● **What you have to do**
What are the lines of the listing below, word for word, from the first down to the one that contains "by case: (_"?

● **Exercise data**
Lemma rwe_coef_dual_line r (v : 'rV[T]_r) i :
  rk v = r -> (rwe_coef (dual_line v) i)%:R = dual_line_coef q r i M%:Z.
Proof.
elim: r v i => [|r IH] v i rk_v.
  have -> : dual_line v = setT by apply/setP => u; rewrite !inE big_ord0 eqxx.
  by rewrite rwe_coef_setT coef_qpow0 dual_line_coef0 ?q_gt0.
have v0_neq0 := rk_full_head_neq0 rk_v.
have count_mem j : \sum_(w : 'rV[T]_r)
      ((rk w == j) && (dot w (normalized_tail v) \in rowspan w))%:R
    = (q%:Q) ^+ j * dual_line_coef q r j M%:Z.
  by apply: sum_rk_mem_rowspan => // z; apply: IH.
rewrite rwe_coef_dual_line_cons // natr_sum dual_line_coefS ?q_gt0 // -count_mem.
case: i => [|j].
  rewrite addr0; apply: eq_bigr => w _.
  by case: (_ \in _); rewrite ?addn0 ?addn1 ?andbT ?andbF.
rewrite -count_mem -rwe_coef_setT rwe_coef_setTE -sumrB -big_split /=.
apply: eq_bigr => w _; case: (_ \in _); rewrite /= ?addn0 ?addn1 ?andbT ?andbF.
  by rewrite subrr addr0.
by rewrite add0r subr0 eqSS.
Qed.
End RankWeights.

Theorem proposition15 (F : finFieldType) (L : fieldExtType F) (m r : nat)
  (hm : \dim {: L} = m) (hr : (r <= m)%N) (v : 'rV[GF L]_r)
  (hv : rk v = r) :
  forall i : nat,
    ((rwe_coef (dual_line v) i)%:R : rat) =
      ((#|F|%:Q) ^ (m%:Z))^-1 *
        (coef (qpow #|F| (hlin1 #|F|) r) i m%:Z
         + ((#|F|%:Q) ^ (m%:Z) - 1) * coef (qpow #|F| hlin2 r) i m%:Z).
Proof.
by move=> i; rewrite rwe_coef_dual_line // -hm.
Qed.
(* $(\textbf{W}, \nabla_{\sqcup\!\sqcup}, \iota_{\sqcup\!\sqcup}, \Delta_\odot, \epsilon_\odot)$ is a graded bialgebra, but not a Hopf algebra.
   Context: Let $\Bbbk$ be a field. A word is a finite sequence of positive integers; $\ell(w)$ is its length and $\max(w)$ its largest letter ($\max(\emptyset)=0$). Let $\textsf{Shuffle}$ be the $\Bbbk$-vector space with basis all words, with the shuffle product $u\sqcup\!\sqcup v$ (sum over all interleavings of $u$ and $v$, with multiplicity) and deconcatenation coproduct. For a word $w=w_1\cdots w_m$ with $\max(w)\le n\in\mathbb{N}$, let $[w,n]$ be the linear endomorphism of $\textsf{Shuffle}$ sending a word $v$ of length $n$ to $v_{w_1}v_{w_2}\cdots v_{w_m}$ and all other words to $0$. Let $\textbf{W}$ be the span of all such $[w,n]$ (these form a basis), graded by declaring $[w,n]$ to have degree $\ell(w)$. For a word $w$ let $w\uparrow m$ be the word obtained by adding $m$ to each letter. Define $\nabla_{\sqcup\!\sqcup}([v,m]\otimes[w,n]) = [v\sqcup\!\sqcup (w\uparrow m), m+n]$ (extended linearly in the first slot), $\iota_{\sqcup\!\sqcup}(1)=[\emptyset,0]$, $\epsilon_\odot([w,n])=1$ if $w=\emptyset$ and $0$ otherwise, and $\Delta_\odot([w,n])=\sum_{i=0}^m [w_1\cdots w_i,n]\otimes[w_{i+1}\cdots w_m,n]$ for $w=w_1\cdots w_m$. *)

From HB Require Import structures.
From mathcomp Require Import all_boot all_algebra.
From mathcomp Require Import finmap.
From mathcomp Require Import monalg.

Set Implicit Arguments.
Unset Strict Implicit.
Unset Printing Implicit Defensive.

Import GRing.Theory.
Local Open Scope ring_scope.

(* A word is a seq nat all of whose letters are positive.              *)

Fixpoint shuffle (u : seq nat) : seq nat -> seq (seq nat) :=
  match u with
  | [::] => fun v => [:: v]
  | a :: u' =>
      fix sh (v : seq nat) : seq (seq nat) :=
        match v with
        | [::] => [:: u]
        | b :: v' => map (cons a) (shuffle u' v) ++ map (cons b) (sh v')
        end
  end.

Definition shiftw (w : seq nat) (m : nat) : seq nat := map (addn m) w.

Definition maxw (w : seq nat) : nat := foldr maxn 0%N w.

(* The basis of W: pairs [w,n] with w a word and max(w) <= n.          *)
Definition validWn (p : seq nat * nat) : bool :=
  all (fun a => 0 < a)%N p.1 && (maxw p.1 <= p.2)%N.

Definition Wbasis : choiceType := {p : seq nat * nat | validWn p}.

Definition bword (b : Wbasis) : seq nat := (val b).1.
Definition bnum (b : Wbasis) : nat := (val b).2.
Definition bdeg (b : Wbasis) : nat := size (bword b).

Section WDefs.
Variable k : fieldType.

(* W = free k-vector space on the basis elements [w,n];
   W (x) W and W (x) W (x) W are the free spaces on pairs / triples.   *)
Definition W := (@malg (Wbasis) k).
Definition W2 := (@malg (Wbasis * Wbasis)%type k).
Definition W3 := (@malg (Wbasis * Wbasis * Wbasis)%type k).

Definition linext (A : choiceType) (V : lmodType k) (h : A -> V)
    (g : (@malg (A) k)) : V :=
  \sum_(a <- msupp g) g@_a *: h a.

Definition tens (A B : choiceType) (f : (@malg (A) k)) (g : (@malg (B) k))
    : (@malg (A * B)%type k) :=
  \sum_(a <- msupp f) \sum_(b <- msupp g) << f@_a * g@_b *g (a, b) >>.

Definition mapT (A B C D : choiceType)
    (f : (@malg (A) k) -> (@malg (C) k)) (g : (@malg (B) k) -> (@malg (D) k))
    : (@malg (A * B)%type k) -> (@malg (C * D)%type k) :=
  linext (fun ab : A * B => tens (f << ab.1 >>) (g << ab.2 >>)).
Lemma homotopy_delta_rep_out k s : o \in s -> part k s != set0 -> rep k \notin s ->
  delta s - proj_delta k s = dq (hom_delta k s) + hom k (dq_delta s).
Proof.
move=> s0 Y0 ms; have [m0 _] := rep_part Y0.
have s0' : o \in rep k |: s by rewrite !inE s0 orbT.
apply/ffunP => t; rewrite ffunBE ffunDE /hom linext_dq_delta //.
rewrite hom_deltaE ?s0 ?Y0 ?ms // /dq linext_scale_delta dq_deltaE //.
rewrite [X in _ = _ * X + _]ffunE big_mkcondr (big_setU1 _ ms) /=.
rewrite m0 /= setU1K // (redundant_cls s0' m0) clsU1_rep // (setU1K ms) eqxx.
rewrite mulrDr mulrA signr_sqr mul1r big_mkcondr mulr_sumr -addrA -big_split /=.
rewrite (eq_bigr _ (fun x xs => homotopy_term t s0 Y0 ms xs)) /proj_delta s0 Y0 /=.
have single_x x : part k (s :\ x) == set0 -> part k s = [set x].
  by move/eqP; apply: part_single.
have [/eqP /cards1P [y Yy] | Y1] := eqVneq #|part k s| 1%N.
  have : y \in part k s by rewrite Yy set11.
  rewrite inE => /andP [ys _].
  rewrite ffunE (bigD1 y) //= partD1 Yy setDv eqxx big1 ?addr0 ?ffunE //.
  move=> x /andP [_ xy]; case: ifP => // /single_x Yx.
  by move: xy; rewrite -(set1_inj (etrans (esym Yx) Yy)) eqxx.
rewrite /= !ffunE subr0 big1 ?addr0 // => x _.
by case: ifP => // /single_x Yx; rewrite Yx cards1 eqxx in Y1.
Qed.

Lemma homotopy_delta k s :
  proj_delta k s = delta s - (dq (hom_delta k s) + hom k (dq_delta s)).
Proof.
suff <- : delta s - proj_delta k s = dq (hom_delta k s) + hom k (dq_delta s).
  by rewrite opprB addrC subrK.
have [/andP [s0 Y0] | triv] := boolP ((o \in s) && (part k s != set0)).
  have [ms|ms] := boolP (rep k \in s).
    exact: homotopy_delta_rep_in.
  exact: homotopy_delta_rep_out.
exact: homotopy_delta_trivial.
Qed.

Lemma homotopy k v : proj k v = v - (dq (hom k v) + hom k (dq v)).
Proof.
rewrite /hom /dq !linext_comp -linext_addF -{2}(linext_deltaE v) -linext_subF.
by apply: eq_linext => s _; rewrite homotopy_delta.
Qed.

Lemma dq_proj k v : dq (proj k v) = proj k (dq v).
Proof.
rewrite !homotopy dq_dq /hom linext0 addr0 /dq !linextB linextD -/dq dq_dq.
by rewrite add0r.
Qed.

Definition phi_delta s : Dcx r := [ffun T =>
  if (o \in s) && ~~ hasE A s then (-1) ^+ (#|s| - 1) * (T == cls s)%:R else 0].

Lemma phiE v : phi A c v = linext phi_delta v.
Proof. by apply/ffunP=> T; rewrite !ffunE; apply: eq_bigr => s _; rewrite ffunE. Qed.

Lemma hasE_card s : hasE A s = (#|cls s| != #|s :\ o|).
Proof.
apply/idP/idP.
  case/exists_inP => i si /exists_inP [j sj /and4P [i0 j0 ij]].
  rewrite -hc // => /eqP cij; apply/negP => /imset_injP inj.
  by move: ij; rewrite (inj i j) ?eqxx // !inE ?i0 ?j0.
apply: contraR => nE; apply/imset_injP => i j; rewrite !inE => /andP [i0 si] /andP [j0 sj] cij.
apply/eqP; apply: contraR nE => ij; apply/exists_inP; exists i => //; apply/exists_inP; exists j => //.
by rewrite i0 j0 ij /= -hc // cij.
Qed.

● **Written response**
Lemma rwe_coef_dual_line r (v : 'rV[T]_r) i :
  rk v = r -> (rwe_coef (dual_line v) i)%:R = dual_line_coef q r i M%:Z.
Proof.
elim: r v i => [|r IH] v i rk_v.
  have -> : dual_line v = setT by apply/setP => u; rewrite !inE big_ord0 eqxx.
  by rewrite rwe_coef_setT coef_qpow0 dual_line_coef0 ?q_gt0.
have v0_neq0 := rk_full_head_neq0 rk_v.
have count_mem j : \sum_(w : 'rV[T]_r)
      ((rk w == j) && (dot w (normalized_tail v) \in rowspan w))%:R
    = (q%:Q) ^+ j * dual_line_coef q r j M%:Z.
  by apply: sum_rk_mem_rowspan => // z; apply: IH.
rewrite rwe_coef_dual_line_cons // natr_sum dual_line_coefS ?q_gt0 // -count_mem.
case: i => [|j].
  rewrite addr0; apply: eq_bigr => w _.
  by case: (_ \in _); rewrite ?addn0 ?addn1 ?andbT ?andbF.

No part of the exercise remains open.